▶ **Work to complete**:
Starting at the line that contains "Lemma parabola_parity_itv (I" and ending at the line that contains "move=> P_I x", the lines below are to be given again exactly, with nothing added.

[Collected data]

* * *

(* Let $\alpha:\mathbb{V}\to\mathbb{U}$ be a morphism between persistence modules of length $n$. Then for all integers $1\le a\le b\le n$, $$\sum_{b'=1}^{n}\sum_{a'=1}^{b'}\mathcal{M}^{\alpha}(a,b,a',b')\ \le\ \dim S^{\mathbb{V}}_{a,b}-\dim S^{\mathbb{V}}_{a-1,b}=\mathcal{D}^{\mathbb{V}}(a,b),$$ and for all integers $1\le a'\le b'\le n$, $$\sum_{b=1}^{n}\sum_{a=1}^{b}\mathcal{M}^{\alpha}(a,b,a',b')\ \le\ \dim S^{\mathbb{U}}_{a',b'}-\dim S^{\mathbb{U}}_{a'-1,b'}=\mathcal{D}^{\mathbb{U}}(a',b').$$
   Context: Fix a field $\mathbf F$; all vector spaces are finite-dimensional over $\mathbf F$. A persistence module $\mathbb{V}$ of length $n$ consists of vector spaces $V_1,\dots,V_n$ and linear maps $f^{\mathbb V}_i:V_i\to V_{i+1}$ ($1\le i\le n-1$). Conventions: $V_i=0$ for every integer $i\le 0$ or $i\ge n+1$, and every map $f^{\mathbb V}_i$ with domain or codomain $0$ is the zero map (in particular $f^{\mathbb V}_0:0\to V_1$ and $f^{\mathbb V}_n:V_n\to 0$). For integers $a\le b$, $f^{\mathbb V}_{a,b}=f^{\mathbb V}_{b-1}\circ\cdots\circ f^{\mathbb V}_a:V_a\to V_b$, with $f^{\mathbb V}_{a,a}=\mathrm{id}$; also $f^{\mathbb V}_b=f^{\mathbb V}_{b,b+1}$. A morphism $\alpha:\mathbb V\to\mathbb U$ of persistence modules of length $n$ is a family of linear maps $\alpha_i:V_i\to U_i$ with $\alpha_{i+1}\circ f^{\mathbb V}_i=f^{\mathbb U}_i\circ\alpha_i$ for all $i$ (with $\alpha_i=0$ for $i$ outside $[1,n]$). For a subspace $A\subseteq U_i$, $\alpha_i^{-1}(A)$ denotes the preimage, so $\alpha_i^{-1}(0)=\ker\alpha_i$. For integers $a,b$ define $S^{\mathbb V}_{a,b}=f^{\mathbb V}_{a,b}(V_a)\cap\ker f^{\mathbb V}_b$ if $1\le a\le b\le n$ and $S^{\mathbb V}_{a,b}=0$ otherwise, and $\mathcal D^{\mathbb V}(a,b)=\dim S^{\mathbb V}_{a,b}-\dim S^{\mathbb V}_{a-1,b}$ (the multiplicity of the interval $[a,b]$ in the barcode of $\mathbb V$). For a morphism $\alpha:\mathbb V\to\mathbb U$ define, for integers $a,b,a',b'$, $$\mathcal X^{\alpha}(a,b,a',b')=\dim\big[S^{\mathbb V}_{a,b}\cap f^{\mathbb V}_{b',b}\big(\alpha_{b'}^{-1}(S^{\mathbb U}_{a',b'})\big)\big]-\dim\big[S^{\mathbb V}_{a,b}\cap f^{\mathbb V}_{b',b}\big(\ker\alpha_{b'}\big)\big]$$ if $b'\le b\le n$, and $\mathcal X^{\alpha}(a,b,a',b')=0$ otherwise. Define $$\mathcal M^{\alpha}(a,b,a',b')=\mathcal X^{\alpha}(a,b,a',b')-\mathcal X^{\alpha}(a-1,b,a',b')-\mathcal X^{\alpha}(a,b,a'-1,b')+\mathcal X^{\alpha}(a-1,b,a'-1,b').$$ *)

(* Persistence modules modelled inside an ambient
   finite-dimensional vector space W (a vectType over the field F):
   V_i is a subspace of W and f_i a linear map on W restricted to V_i. *)
From HB Require Import structures.
From mathcomp Require Import all_boot all_order all_algebra.
Set Implicit Arguments. Unset Strict Implicit. Unset Printing Implicit Defensive.
Import Order.TTheory GRing.Theory Num.Theory.
Local Open Scope ring_scope.

Record pmod (F : fieldType) (W : vectType F) (n : nat) := PMod {
  pspace : nat -> {vspace W};
  pmap : nat -> 'End(W);
  pspace_out : forall i, (i == 0)%N || (n < i)%N -> pspace i = 0%VS;
  pmap_in : forall i, (pmap i @: pspace i <= pspace i.+1)%VS
}.
Lemma Rminus_parabola u : ~~ root arrangement_poly u ->
  Rminus A (parabola u) <-> parabola_parity u.
Proof.
move=> Pu; split=> [[] // | odd_u]; split=> // i.
by rewrite on_line_parabola noroot_line_poly.
Qed.

Lemma parabola_parity_itv (I : interval R) : {in I, forall x, ~~ root arrangement_poly x} ->
  {in I &, forall x y, parabola_parity x = parabola_parity y}.
Proof.
move=> P_I x y xI yI; congr (odd #|_|); apply/funext => i /=.
have Ai : {in I, forall w, ~~ root (line_poly (A i)) w}.
  by move=> w /P_I; exact: noroot_line_poly.
by rewrite !pos_side_parabola -!sgr_cp0 (polyrN0_itv Ai yI xI).
Qed.

Lemma arrangement_cut_points : exists (t : seq R) (lab : nat -> bool),
  [/\ subseq t (roots arrangement_poly 0 1), sorted <%R (cut_ends t),
      (forall j, lab j != lab j.+1) &
      forall x b, 0 < x < 1 -> x \notin roots arrangement_poly 0 1 ->
        labeled_union t lab b x <-> (if b then Rplus A else Rminus A) (parabola x)].
Proof.
set P := arrangement_poly; set Z := roots P 0 1.
have Z_on : roots_on P `]0, 1[ Z := roots_on_roots 0 1 arrangement_poly_neq0.
have Z01 z : z \in Z -> 0 < z < 1 by rewrite -Z_on in_itv => /andP[].
have [t [b0 [tZ parity_t]]] : exists t b, subseq t Z /\ forall x, 0 < x < 1 ->
    x \notin Z -> parabola_parity x = b (+) odd (count (fun w => w <= x) t).
  apply: locally_constant_parity; first exact: path_roots.
    by apply/allP => z /Z01 /andP[].
  move=> x y x0 xy y1 xyZ; apply: (@parabola_parity_itv `[x, y]);
    rewrite ?in_itv /= ?lexx ?xy // => w; rewrite in_itv /= => /andP[xw wy].
  apply/negP => Pw.
  have /xyZ : w \in Z by rewrite -Z_on in_itv /= Pw (lt_le_trans x0 xw) (le_lt_trans wy y1).
  by rewrite ltNge xw ltNge wy.
have sorted_t : sorted <%R (cut_ends t).
  rewrite /= rcons_path (subseq_path lt_trans tZ (path_roots _ _ _)).
  have := mem_last 0 t; rewrite inE => /predU1P[-> | /(mem_subseq tZ) /Z01 /andP[_ ->]] //.
  exact: ltr01.
exists t, (fun j => ~~ (b0 (+) odd j)); split => // [j | x b x01 xZ].
  by rewrite oddS addbN negbK; case: (_ (+) _).
have Px : ~~ root P x by apply: contra xZ; rewrite -Z_on in_itv /= x01.
rewrite labeled_unionP // -parity_t //; case/andP: x01 => x0 x1.
by case: b; [rewrite Rplus_parabola | rewrite Rminus_parabola];
  by rewrite // (ltW x0) (ltW x1); case: (parabola_parity x); split=> // -[].
Qed.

* * *

▶ **Solution to the exercise**:
Lemma parabola_parity_itv (I : interval R) : {in I, forall x, ~~ root arrangement_poly x} ->
  {in I &, forall x y, parabola_parity x = parabola_parity y}.
Proof.
move=> P_I x y xI yI; congr (odd #|_|); apply/funext => i /=.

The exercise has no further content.